- _RECORDS SHOWN_:
Lemma proj_sync_sent_by j (s : seq (msg M)) :
  all (fun m => src m == j) s -> proj j (sync_seq s) = map Send s.
Proof.
elim: s => //= x s IH /andP [/eqP sx /IH]; rewrite /proj /= sx eqxx.
by rewrite -sx eq_sym (negbTE (src_neq_dst x)) => ->.
Qed.

Lemma sent_by_nilP j (s : seq (msg M)) :
  reflect {in s, forall m, src m != j} (sent_by j s == [::]).
Proof. by rewrite -[_ == _]negbK -has_filter; exact: hasPn. Qed.

Lemma on_chan_sent_by i k (s : seq (msg M)) :
  [seq m <- s | on_chan i k m] = [seq m <- sent_by i s | dst m == k].
Proof. by rewrite -filter_predI; apply: eq_filter => m; rewrite /on_chan /= andbC. Qed.

Lemma filter_from_other (p : pred (msg M)) i q (s : seq (msg M)) :
  (forall m, p m -> src m = i) -> i != q ->
  all (fun m => src m == q) s -> filter p s = [::].
Proof.
move=> p_i iq /allP from_q; rewrite -(filter_pred0 s); apply: eq_in_filter => m /from_q.
by apply: contraTF => /p_i ->.
Qed.

Lemma prefix_sent_by_cons k x (s s' : seq (msg M)) :
  prefix (sent_by k s') (sent_by k s) -> prefix (sent_by k (x :: s')) (sent_by k (x :: s)).
Proof. by rewrite /sent_by /=; case: ifP; rewrite // prefix_cons eqxx. Qed.

Lemma almost_sync_pending (s : seq (msg M)) y (b : bool) :
  almost_sync (sync_seq s ++ if b then [:: Send y] else [::]).
Proof. by case: b; [right; exists s, y | left; exists s; rewrite cats0]. Qed.

Definition peer_step (j : peer) (x : act) : option (msg M) :=
  match x with
  | Send m => if dst m == j then None else Some m
  | Recv m => if dst m == j then Some m else None
  end.

Definition peer_order (j : peer) (t : seq act) := pmap (peer_step j) t.

Lemma peer_order_sync j (s : seq (msg M)) : peer_order j (sync_seq s) = s.
Proof.
elim: s => //= x s IH; rewrite /peer_order /=.
by case: ifP => /=; rewrite -/(peer_order j _) IH.
Qed.

Lemma proj_sync_peer_order j (t : seq act) :
  proj j (sync_seq (peer_order j t)) = proj j t.
Proof.
elim: t => // x t IH; rewrite -cat1s /peer_order pmap_cat sync_seq_cat !proj_cat.
rewrite -/(peer_order j t) IH.
case: x => m; have := src_neq_dst m; rewrite /proj /=;
by case: (eqVneq (dst m) j) => [<-|/negbTE nj] /negbTE sd; rewrite /= ?sd ?nj ?eqxx //;
  case: (src m == j).
Qed.
Lemma Bmap_injective : jointly_P_surj phi1 phi2 -> injective (Bmap phi1 phi2).
Proof.
move=> surj12 a b ab; apply: P2_ext => y.
case: (surj12 y) => -[x <-].
  exact: (congr1 (fun p => sval p.1 x) ab).
exact: (congr1 (fun p => sval p.2 x) ab).
Qed.

Lemma Bset_partial_injection_iff : jointly_P_surj phi1 phi2 ->
  injective_partial_map_graph (Bset phi1 phi2) <-> P_surj phi1 /\ P_surj phi2.
Proof.
move=> surj12.
rewrite (partial_injection_graph_image (Bmap_injective surj12)).
by rewrite !precomp_injective_iff_surjective.
Qed.

Definition images_glue : Prop := forall a b : P2 (flat Y), exists g,
  precomp (flatm phi1) g = precomp (flatm phi1) a /\
  precomp (flatm phi2) g = precomp (flatm phi2) b.

Lemma Bset_product_iff_images_glue :
  (exists (B1 : Ealg R X1 -> Prop) (B2 : Ealg R X2 -> Prop),
     is_subalgebra (Ealg R X1) B1 /\ is_subalgebra (Ealg R X2) B2 /\
     (forall p, Bset phi1 phi2 p <-> B1 p.1 /\ B2 p.2)) <-> images_glue.
Proof.
rewrite /images_glue; split=> [[B1 [B2 [_ [_ B12]]]] a b | glue].
  have [B1a _] := proj1 (B12 (Bmap phi1 phi2 a)) (ex_intro _ a erefl).
  have [_ B2b] := proj1 (B12 (Bmap phi1 phi2 b)) (ex_intro _ b erefl).
  have [g Eg] := proj2 (B12 (precomp (flatm phi1) a, precomp (flatm phi2) b)) (conj B1a B2b).
  by exists g; split; [exact: (esym (congr1 fst Eg)) | exact: (esym (congr1 snd Eg))].
exists (fun a => exists al, a = precomp (flatm phi1) al),
       (fun b => exists al, b = precomp (flatm phi2) al).
split; first exact: (@image_subalgebra _ (Ealg R Y) _ _ (constP2 _ false) (E_hom _ _ _ R _ _ phi1)).
split; first exact: (@image_subalgebra _ (Ealg R Y) _ _ (constP2 _ false) (E_hom _ _ _ R _ _ phi2)).
move=> p; split=> [[al ->] | [[a Ea] [b Eb]]]; first by split; exists al.
have [g [ga gb]] := glue a b.
by exists g; rewrite [p]surjective_pairing Ea Eb -ga -gb.
Qed.

Lemma images_glue_ordered_disjoint_union :
  jointly_P_surj phi1 phi2 -> images_glue -> ordered_disjoint_union phi1 phi2.
Proof.
move=> surj12 glue.
have indicator u : exists g : P2 (flat Y),
    (forall x, sval g (flatm phi1 x) = u) /\ (forall x, sval g (flatm phi2 x) = ~~ u).
  have [g [g1 g2]] := glue (constP2 _ u) (constP2 _ (~~ u)).
  exists g; split=> x; first exact: (congr1 (fun c => sval c x) g1).
  exact: (congr1 (fun c => sval c x) g2).
split=> //; split.
  move=> y [[x1 <-] [x2 E]]; have [g [g1 g2]] := indicator true.
  by move: (g2 x2); rewrite E g1.
move=> y1 y2 [x1 <-] [x2 <-]; split=> le12.
  have [g [g1 g2]] := indicator true.
  by move: (proj1 (proj2_sig g) _ _ le12); rewrite g1 g2 => /(_ isT).
have [g [g1 g2]] := indicator false.
by move: (proj1 (proj2_sig g) _ _ le12); rewrite g1 g2 => /(_ isT).
Qed.

Lemma ordered_disjoint_union_images_glue :
  ordered_disjoint_union phi1 phi2 -> images_glue.
Proof.
case=> cover [disj incomp] a b.
pose I1 y := exists x, flatm phi1 x = y.
have I1_open : popen I1.
  apply: (popen_ext (image_complement_open (flatm phi2))) => y; split.
    by move=> out2; case: (cover y) => // -[x2 E2]; case: (out2 x2).
  by move=> in1 x2 E2; apply: (disj y); split=> //; exists x2.
have I1_closed : popen (fun y => ~ I1 y).
  apply: (popen_ext (image_complement_open (flatm phi1))) => y; split.
    by move=> out1 [x1 E1]; apply: (out1 x1).
  by move=> nin1 x1 E1; apply: nin1; exists x1.
have I1_convex y y' : ple y y' -> I1 y <-> I1 y'.
  move=> le_yy'; split=> [I1y | I1y']; apply: NNPP.
    by move=> nI1y'; case: (cover y') => // I2y'; case: (incomp _ _ I1y I2y').
  by move=> nI1y; case: (cover y) => // I2y; case: (incomp _ _ I1y' I2y) => _; apply.
exists (exist _ _ (p2_piecewise_proof a b I1_open I1_closed I1_convex)).
split; apply: P2_ext => x /=; first by rewrite asboolT //; exists x.
by rewrite asboolF // => I1x; apply: (disj (flatm phi2 x)); split=> //; exists x.
Qed.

- _AIM OF THE TASK_: If a line of the data contains the word "Some", it should be counted; state the total and nothing more.

- _EXERCISE ANSWER_: 2